**AVAILABLE RECORDS**

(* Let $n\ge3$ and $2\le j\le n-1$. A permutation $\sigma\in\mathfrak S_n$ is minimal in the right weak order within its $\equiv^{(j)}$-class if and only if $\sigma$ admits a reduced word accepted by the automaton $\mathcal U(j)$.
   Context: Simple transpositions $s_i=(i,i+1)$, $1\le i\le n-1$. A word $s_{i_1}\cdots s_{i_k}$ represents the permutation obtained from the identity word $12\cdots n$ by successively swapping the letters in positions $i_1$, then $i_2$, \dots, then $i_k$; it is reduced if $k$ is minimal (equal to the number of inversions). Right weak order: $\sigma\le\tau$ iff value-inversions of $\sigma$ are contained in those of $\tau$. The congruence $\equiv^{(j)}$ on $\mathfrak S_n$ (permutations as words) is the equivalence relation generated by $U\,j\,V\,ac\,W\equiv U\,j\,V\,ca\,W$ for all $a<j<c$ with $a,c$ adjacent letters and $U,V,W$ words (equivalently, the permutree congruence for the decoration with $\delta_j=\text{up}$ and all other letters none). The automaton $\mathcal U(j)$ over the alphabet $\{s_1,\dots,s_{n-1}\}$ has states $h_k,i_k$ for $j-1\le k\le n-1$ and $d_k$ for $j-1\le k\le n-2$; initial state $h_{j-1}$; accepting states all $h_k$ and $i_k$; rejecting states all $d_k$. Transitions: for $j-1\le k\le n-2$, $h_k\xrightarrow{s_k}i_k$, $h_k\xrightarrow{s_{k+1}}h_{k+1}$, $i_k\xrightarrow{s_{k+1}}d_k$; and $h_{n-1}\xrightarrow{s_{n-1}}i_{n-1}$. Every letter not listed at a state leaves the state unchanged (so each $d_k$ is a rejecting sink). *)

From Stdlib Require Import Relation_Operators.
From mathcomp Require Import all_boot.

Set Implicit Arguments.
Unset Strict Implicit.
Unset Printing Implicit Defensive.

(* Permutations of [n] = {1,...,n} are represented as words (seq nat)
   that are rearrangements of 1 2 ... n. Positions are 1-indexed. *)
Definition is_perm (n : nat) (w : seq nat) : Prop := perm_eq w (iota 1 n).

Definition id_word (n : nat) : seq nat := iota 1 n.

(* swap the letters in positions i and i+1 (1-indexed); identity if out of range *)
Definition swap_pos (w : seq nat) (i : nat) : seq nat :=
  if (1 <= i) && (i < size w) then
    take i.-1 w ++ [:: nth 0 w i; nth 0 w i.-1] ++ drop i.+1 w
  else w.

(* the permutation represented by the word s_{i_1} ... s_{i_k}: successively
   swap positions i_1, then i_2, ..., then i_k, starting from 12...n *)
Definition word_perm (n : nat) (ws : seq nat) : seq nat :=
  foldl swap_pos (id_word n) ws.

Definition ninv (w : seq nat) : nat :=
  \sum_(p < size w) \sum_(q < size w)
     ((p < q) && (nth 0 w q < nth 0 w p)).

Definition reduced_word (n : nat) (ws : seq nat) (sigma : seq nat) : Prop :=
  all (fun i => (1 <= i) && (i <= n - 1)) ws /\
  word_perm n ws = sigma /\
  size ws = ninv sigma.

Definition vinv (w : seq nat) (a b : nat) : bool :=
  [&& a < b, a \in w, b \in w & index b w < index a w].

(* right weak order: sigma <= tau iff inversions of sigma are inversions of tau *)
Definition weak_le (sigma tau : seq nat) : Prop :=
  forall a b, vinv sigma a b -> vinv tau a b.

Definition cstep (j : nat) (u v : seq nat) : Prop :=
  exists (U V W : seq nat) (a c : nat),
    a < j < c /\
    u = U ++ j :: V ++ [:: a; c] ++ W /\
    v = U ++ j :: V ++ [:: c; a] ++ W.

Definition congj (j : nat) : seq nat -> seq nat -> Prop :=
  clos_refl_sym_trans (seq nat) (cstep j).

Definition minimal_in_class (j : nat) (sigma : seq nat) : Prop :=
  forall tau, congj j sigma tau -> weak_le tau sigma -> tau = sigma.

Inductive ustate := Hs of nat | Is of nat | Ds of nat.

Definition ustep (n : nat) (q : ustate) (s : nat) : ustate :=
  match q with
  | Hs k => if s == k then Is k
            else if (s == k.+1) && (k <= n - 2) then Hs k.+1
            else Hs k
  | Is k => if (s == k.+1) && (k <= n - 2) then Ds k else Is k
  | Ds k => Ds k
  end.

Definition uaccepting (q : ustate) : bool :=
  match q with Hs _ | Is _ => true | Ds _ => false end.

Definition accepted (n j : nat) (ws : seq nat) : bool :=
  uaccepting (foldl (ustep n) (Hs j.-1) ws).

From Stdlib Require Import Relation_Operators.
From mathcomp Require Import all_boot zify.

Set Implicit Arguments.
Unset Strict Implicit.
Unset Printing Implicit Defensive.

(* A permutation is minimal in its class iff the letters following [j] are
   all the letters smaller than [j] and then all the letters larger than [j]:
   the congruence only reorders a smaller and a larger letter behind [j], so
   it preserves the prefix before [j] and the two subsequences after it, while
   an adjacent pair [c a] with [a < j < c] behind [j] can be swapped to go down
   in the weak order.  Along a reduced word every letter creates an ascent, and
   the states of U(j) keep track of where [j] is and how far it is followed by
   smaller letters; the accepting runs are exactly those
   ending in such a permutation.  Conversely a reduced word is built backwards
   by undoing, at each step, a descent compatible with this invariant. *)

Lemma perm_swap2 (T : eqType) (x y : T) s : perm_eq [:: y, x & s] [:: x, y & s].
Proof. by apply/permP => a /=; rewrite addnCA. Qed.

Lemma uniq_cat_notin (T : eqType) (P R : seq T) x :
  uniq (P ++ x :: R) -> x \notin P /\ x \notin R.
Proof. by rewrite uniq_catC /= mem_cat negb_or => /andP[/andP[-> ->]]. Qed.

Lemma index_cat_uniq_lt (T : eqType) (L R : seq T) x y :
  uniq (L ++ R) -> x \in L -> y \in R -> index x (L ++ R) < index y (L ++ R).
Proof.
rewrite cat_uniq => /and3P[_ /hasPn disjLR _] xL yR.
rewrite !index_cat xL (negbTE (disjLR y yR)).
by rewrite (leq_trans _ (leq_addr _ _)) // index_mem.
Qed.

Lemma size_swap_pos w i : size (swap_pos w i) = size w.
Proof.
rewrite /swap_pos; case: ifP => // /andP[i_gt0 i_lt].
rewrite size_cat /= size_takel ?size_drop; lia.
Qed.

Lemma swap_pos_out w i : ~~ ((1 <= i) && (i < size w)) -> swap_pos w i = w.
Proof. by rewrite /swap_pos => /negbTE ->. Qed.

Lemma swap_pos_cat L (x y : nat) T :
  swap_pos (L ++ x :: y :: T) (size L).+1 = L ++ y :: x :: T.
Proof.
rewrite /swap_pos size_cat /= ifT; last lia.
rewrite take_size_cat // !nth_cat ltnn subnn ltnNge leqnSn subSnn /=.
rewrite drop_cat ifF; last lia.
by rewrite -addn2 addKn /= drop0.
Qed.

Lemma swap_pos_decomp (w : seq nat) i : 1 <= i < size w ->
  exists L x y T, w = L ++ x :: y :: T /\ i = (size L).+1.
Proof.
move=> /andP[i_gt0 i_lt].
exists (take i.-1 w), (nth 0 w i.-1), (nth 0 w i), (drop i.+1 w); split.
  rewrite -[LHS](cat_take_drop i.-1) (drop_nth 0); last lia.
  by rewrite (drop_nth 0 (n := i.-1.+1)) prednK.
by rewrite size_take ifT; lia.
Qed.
* * *
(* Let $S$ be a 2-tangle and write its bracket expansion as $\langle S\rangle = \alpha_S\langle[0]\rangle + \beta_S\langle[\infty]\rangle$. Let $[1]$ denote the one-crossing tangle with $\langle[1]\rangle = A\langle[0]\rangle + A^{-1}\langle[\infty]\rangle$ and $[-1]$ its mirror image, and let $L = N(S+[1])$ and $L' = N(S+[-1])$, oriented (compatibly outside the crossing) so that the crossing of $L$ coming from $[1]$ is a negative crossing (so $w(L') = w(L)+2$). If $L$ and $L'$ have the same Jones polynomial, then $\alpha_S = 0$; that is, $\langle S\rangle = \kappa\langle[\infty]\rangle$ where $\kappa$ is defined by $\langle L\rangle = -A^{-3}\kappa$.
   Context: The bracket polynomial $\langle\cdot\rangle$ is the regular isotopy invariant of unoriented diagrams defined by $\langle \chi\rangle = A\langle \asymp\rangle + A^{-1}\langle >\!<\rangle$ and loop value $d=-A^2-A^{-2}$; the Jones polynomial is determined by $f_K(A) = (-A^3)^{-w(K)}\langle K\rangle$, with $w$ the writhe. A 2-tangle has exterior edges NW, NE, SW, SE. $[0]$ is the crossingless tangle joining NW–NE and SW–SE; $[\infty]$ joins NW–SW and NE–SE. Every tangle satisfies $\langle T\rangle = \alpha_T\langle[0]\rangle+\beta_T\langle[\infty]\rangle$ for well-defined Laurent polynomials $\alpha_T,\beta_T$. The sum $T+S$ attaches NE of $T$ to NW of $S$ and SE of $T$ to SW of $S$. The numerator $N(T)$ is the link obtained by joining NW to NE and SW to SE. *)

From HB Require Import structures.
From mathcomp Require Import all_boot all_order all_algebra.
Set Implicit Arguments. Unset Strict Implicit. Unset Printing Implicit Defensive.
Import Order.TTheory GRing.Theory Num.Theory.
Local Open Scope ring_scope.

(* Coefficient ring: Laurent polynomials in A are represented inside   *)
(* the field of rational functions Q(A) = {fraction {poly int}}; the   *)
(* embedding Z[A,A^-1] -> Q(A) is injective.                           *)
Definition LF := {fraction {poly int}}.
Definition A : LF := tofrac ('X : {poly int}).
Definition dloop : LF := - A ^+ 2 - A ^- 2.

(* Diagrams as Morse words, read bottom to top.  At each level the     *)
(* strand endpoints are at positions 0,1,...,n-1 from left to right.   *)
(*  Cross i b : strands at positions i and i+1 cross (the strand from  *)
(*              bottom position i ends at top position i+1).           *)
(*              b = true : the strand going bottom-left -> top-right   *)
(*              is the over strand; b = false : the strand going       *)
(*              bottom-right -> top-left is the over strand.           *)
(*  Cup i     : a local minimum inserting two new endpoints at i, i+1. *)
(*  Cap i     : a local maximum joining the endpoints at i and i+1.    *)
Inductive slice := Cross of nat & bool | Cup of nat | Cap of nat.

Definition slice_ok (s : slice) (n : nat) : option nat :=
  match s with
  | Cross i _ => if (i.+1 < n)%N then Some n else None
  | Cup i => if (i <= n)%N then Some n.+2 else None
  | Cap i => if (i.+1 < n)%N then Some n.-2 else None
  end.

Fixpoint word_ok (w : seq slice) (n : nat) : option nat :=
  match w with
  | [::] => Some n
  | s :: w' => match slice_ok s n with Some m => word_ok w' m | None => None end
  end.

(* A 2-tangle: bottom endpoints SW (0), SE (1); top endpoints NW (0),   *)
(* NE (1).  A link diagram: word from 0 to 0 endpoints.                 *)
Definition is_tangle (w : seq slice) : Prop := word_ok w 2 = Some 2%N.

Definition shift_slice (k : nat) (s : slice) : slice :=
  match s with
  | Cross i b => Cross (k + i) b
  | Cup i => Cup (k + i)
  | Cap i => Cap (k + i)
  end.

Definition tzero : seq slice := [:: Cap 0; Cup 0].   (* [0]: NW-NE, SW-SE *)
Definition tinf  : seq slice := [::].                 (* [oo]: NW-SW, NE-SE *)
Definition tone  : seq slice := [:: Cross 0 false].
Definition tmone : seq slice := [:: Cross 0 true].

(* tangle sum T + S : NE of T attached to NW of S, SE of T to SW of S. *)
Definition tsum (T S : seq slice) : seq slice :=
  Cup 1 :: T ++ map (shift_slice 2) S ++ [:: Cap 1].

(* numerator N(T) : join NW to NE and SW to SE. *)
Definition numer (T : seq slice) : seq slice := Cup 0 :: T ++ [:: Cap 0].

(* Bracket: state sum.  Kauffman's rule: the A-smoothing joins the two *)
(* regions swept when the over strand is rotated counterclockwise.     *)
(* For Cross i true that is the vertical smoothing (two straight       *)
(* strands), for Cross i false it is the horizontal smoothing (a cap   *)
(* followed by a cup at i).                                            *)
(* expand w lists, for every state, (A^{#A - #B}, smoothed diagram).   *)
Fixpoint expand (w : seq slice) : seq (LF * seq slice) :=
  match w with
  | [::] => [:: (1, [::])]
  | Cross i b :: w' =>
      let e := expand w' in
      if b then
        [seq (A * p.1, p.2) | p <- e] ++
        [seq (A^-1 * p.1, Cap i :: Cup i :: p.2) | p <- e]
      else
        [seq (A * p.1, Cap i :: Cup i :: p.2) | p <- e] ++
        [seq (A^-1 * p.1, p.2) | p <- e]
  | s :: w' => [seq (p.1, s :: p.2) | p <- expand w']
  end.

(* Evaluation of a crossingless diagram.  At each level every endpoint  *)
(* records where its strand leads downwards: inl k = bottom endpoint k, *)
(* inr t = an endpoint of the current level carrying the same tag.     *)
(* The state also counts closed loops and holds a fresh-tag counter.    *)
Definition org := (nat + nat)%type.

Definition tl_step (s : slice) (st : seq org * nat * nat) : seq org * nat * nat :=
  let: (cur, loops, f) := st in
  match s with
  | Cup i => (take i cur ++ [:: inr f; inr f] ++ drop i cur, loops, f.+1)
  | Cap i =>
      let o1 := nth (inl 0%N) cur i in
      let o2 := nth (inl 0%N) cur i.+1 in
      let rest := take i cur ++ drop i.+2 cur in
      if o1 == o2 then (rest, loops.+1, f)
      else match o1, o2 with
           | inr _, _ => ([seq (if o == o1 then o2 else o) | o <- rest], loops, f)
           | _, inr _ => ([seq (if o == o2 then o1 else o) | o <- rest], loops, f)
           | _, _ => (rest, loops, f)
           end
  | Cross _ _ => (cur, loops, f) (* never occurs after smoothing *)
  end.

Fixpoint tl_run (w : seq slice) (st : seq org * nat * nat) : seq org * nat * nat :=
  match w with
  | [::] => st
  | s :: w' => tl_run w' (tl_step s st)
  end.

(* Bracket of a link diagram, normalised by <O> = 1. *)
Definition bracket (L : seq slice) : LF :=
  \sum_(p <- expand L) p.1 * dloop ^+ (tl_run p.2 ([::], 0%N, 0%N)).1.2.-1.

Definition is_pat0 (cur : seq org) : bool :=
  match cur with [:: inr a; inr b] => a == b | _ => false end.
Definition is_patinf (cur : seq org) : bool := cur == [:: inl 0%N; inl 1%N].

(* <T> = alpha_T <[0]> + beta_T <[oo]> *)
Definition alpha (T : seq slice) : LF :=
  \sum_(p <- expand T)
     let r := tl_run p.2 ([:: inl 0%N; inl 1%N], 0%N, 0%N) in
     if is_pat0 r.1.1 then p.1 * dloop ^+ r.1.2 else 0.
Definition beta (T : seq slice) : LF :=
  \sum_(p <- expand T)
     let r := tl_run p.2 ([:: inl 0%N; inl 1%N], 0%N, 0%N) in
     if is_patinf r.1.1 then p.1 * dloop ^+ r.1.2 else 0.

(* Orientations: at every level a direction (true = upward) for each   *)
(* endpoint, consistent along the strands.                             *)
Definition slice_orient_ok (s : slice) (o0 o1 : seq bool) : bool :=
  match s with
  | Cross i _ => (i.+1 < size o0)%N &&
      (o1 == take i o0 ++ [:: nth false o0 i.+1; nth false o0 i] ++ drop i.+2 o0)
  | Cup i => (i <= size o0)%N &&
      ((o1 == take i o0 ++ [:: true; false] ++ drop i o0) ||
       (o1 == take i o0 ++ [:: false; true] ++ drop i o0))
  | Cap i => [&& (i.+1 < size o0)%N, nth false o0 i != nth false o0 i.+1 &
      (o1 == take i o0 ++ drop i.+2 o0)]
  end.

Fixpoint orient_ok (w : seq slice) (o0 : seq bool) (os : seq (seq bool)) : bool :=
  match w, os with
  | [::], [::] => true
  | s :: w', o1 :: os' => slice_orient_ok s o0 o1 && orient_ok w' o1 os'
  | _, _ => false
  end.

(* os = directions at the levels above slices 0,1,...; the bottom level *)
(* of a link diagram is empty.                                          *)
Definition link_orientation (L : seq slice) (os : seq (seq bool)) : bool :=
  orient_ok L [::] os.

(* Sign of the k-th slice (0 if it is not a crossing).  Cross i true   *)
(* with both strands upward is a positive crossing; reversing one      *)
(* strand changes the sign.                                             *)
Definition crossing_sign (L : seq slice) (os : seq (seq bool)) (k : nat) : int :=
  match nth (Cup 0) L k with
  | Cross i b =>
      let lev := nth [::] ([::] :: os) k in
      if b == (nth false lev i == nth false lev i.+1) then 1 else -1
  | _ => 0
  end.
==
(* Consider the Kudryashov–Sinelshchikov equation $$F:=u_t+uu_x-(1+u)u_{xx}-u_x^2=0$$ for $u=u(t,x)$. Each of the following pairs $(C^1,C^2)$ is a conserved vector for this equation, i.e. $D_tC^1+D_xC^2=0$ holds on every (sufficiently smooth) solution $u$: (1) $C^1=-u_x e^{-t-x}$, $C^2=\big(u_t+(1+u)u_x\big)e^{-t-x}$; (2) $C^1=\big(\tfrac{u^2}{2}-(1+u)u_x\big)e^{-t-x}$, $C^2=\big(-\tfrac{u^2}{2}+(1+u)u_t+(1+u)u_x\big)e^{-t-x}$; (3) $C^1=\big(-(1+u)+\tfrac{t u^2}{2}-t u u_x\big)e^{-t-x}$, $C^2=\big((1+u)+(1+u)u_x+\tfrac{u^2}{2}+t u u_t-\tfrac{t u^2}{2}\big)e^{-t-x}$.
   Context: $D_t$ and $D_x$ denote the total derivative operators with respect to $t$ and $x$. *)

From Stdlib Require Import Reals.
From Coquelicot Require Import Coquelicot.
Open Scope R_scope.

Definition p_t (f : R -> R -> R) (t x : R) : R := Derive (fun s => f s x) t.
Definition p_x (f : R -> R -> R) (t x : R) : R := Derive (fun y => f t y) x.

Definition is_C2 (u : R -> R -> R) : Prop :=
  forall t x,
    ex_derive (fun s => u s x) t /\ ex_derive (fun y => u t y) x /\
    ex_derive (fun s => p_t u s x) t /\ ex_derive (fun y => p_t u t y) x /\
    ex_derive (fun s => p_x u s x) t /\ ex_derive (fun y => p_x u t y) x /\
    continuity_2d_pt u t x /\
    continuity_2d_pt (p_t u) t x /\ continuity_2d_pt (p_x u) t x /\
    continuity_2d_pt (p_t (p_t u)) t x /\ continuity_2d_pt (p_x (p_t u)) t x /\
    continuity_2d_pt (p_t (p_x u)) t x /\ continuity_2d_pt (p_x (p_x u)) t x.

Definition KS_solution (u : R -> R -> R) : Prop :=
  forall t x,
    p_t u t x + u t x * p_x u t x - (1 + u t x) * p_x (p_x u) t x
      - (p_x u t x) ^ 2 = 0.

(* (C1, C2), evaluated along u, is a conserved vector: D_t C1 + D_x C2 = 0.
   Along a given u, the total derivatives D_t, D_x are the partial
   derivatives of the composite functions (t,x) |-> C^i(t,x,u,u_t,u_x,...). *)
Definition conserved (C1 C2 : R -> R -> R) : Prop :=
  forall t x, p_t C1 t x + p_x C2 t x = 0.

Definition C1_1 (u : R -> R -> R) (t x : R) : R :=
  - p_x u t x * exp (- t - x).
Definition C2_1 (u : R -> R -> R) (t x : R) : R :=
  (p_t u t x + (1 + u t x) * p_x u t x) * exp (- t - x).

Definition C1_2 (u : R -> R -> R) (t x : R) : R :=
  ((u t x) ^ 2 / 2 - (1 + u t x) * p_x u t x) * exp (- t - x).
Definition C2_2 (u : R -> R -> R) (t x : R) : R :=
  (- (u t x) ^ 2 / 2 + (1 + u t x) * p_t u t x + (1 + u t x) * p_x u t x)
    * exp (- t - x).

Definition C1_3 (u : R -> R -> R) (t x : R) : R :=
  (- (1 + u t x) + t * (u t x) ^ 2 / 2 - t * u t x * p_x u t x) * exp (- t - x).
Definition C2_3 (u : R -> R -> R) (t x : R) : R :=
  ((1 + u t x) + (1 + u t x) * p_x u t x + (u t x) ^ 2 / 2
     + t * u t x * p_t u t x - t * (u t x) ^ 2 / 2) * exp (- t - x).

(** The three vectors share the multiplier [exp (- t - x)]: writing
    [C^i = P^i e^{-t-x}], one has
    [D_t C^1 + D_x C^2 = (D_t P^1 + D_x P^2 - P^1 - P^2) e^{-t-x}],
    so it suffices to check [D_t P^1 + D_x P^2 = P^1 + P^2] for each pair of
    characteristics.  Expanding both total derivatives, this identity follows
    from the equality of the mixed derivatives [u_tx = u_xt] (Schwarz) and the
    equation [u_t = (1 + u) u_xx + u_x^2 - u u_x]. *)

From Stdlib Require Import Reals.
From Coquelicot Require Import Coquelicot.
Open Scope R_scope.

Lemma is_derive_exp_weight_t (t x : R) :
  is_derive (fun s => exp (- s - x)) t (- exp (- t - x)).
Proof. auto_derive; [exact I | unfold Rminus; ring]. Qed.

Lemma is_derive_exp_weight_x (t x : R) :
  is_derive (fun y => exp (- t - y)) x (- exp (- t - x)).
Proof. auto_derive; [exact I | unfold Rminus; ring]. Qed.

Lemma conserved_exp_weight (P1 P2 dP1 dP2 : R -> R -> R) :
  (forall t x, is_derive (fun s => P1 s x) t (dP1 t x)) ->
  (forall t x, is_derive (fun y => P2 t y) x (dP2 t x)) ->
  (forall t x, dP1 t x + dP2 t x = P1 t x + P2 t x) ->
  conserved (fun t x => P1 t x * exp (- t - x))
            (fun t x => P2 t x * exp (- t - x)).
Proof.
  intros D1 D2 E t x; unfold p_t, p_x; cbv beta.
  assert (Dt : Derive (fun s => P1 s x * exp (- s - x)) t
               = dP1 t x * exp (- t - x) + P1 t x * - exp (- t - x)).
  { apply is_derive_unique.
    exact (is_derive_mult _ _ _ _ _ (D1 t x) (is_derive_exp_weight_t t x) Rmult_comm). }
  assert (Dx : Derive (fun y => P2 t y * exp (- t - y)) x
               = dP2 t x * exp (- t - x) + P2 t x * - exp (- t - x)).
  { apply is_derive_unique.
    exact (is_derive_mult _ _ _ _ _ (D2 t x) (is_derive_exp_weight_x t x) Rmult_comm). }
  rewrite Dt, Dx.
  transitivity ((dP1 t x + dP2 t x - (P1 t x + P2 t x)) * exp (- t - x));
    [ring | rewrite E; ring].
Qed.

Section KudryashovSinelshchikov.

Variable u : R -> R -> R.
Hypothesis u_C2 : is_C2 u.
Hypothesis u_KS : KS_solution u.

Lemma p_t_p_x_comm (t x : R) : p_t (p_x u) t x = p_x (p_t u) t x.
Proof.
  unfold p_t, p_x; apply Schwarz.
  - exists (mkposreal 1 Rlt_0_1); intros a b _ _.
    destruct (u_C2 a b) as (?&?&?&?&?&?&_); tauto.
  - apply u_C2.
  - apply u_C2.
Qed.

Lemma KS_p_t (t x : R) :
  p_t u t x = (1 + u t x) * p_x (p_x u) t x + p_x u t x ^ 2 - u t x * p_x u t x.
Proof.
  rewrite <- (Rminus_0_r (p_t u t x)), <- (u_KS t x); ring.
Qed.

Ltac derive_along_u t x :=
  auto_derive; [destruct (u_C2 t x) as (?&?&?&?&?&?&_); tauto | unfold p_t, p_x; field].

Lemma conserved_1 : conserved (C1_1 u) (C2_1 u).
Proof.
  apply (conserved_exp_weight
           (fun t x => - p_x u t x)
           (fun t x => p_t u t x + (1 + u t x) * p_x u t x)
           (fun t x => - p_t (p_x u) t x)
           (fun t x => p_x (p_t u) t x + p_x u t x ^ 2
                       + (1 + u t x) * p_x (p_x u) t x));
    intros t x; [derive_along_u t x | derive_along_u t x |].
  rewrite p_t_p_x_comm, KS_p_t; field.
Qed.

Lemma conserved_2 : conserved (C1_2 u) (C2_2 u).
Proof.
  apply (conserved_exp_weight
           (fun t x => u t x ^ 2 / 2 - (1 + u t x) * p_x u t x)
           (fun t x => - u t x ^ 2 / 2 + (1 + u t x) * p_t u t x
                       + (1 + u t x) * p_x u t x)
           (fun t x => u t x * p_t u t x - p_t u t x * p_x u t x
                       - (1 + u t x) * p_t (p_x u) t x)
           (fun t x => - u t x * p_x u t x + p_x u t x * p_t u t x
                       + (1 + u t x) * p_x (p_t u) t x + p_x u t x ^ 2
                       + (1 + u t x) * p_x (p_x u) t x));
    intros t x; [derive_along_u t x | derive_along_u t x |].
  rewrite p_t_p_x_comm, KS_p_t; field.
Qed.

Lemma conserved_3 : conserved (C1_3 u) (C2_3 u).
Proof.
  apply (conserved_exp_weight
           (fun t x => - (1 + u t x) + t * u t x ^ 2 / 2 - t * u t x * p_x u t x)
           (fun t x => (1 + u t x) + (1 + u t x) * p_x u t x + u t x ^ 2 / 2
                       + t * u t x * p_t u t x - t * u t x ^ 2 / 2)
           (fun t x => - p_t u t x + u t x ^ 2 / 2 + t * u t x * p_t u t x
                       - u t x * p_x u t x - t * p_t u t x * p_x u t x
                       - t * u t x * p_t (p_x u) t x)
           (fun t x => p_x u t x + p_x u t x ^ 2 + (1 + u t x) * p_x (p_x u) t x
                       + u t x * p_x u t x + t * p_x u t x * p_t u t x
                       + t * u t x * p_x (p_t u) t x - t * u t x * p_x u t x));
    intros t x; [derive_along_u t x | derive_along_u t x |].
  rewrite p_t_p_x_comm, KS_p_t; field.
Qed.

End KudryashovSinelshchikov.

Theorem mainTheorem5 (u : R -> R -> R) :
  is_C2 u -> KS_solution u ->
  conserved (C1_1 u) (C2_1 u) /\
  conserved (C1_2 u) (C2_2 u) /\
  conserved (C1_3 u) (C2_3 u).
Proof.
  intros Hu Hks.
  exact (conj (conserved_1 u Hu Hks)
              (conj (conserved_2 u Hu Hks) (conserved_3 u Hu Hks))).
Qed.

**TASK PROMPT**
In the records above, find the line with "Lemma swap_pos_out w"; write out exactly that line and each one after it, stopping after the line with "Lemma swap_pos_decomp (w".

**SOLUTION**
Lemma swap_pos_out w i : ~~ ((1 <= i) && (i < size w)) -> swap_pos w i = w.
Proof. by rewrite /swap_pos => /negbTE ->. Qed.

Lemma swap_pos_cat L (x y : nat) T :
  swap_pos (L ++ x :: y :: T) (size L).+1 = L ++ y :: x :: T.
Proof.
rewrite /swap_pos size_cat /= ifT; last lia.
rewrite take_size_cat // !nth_cat ltnn subnn ltnNge leqnSn subSnn /=.
rewrite drop_cat ifF; last lia.
by rewrite -addn2 addKn /= drop0.
Qed.

Lemma swap_pos_decomp (w : seq nat) i : 1 <= i < size w ->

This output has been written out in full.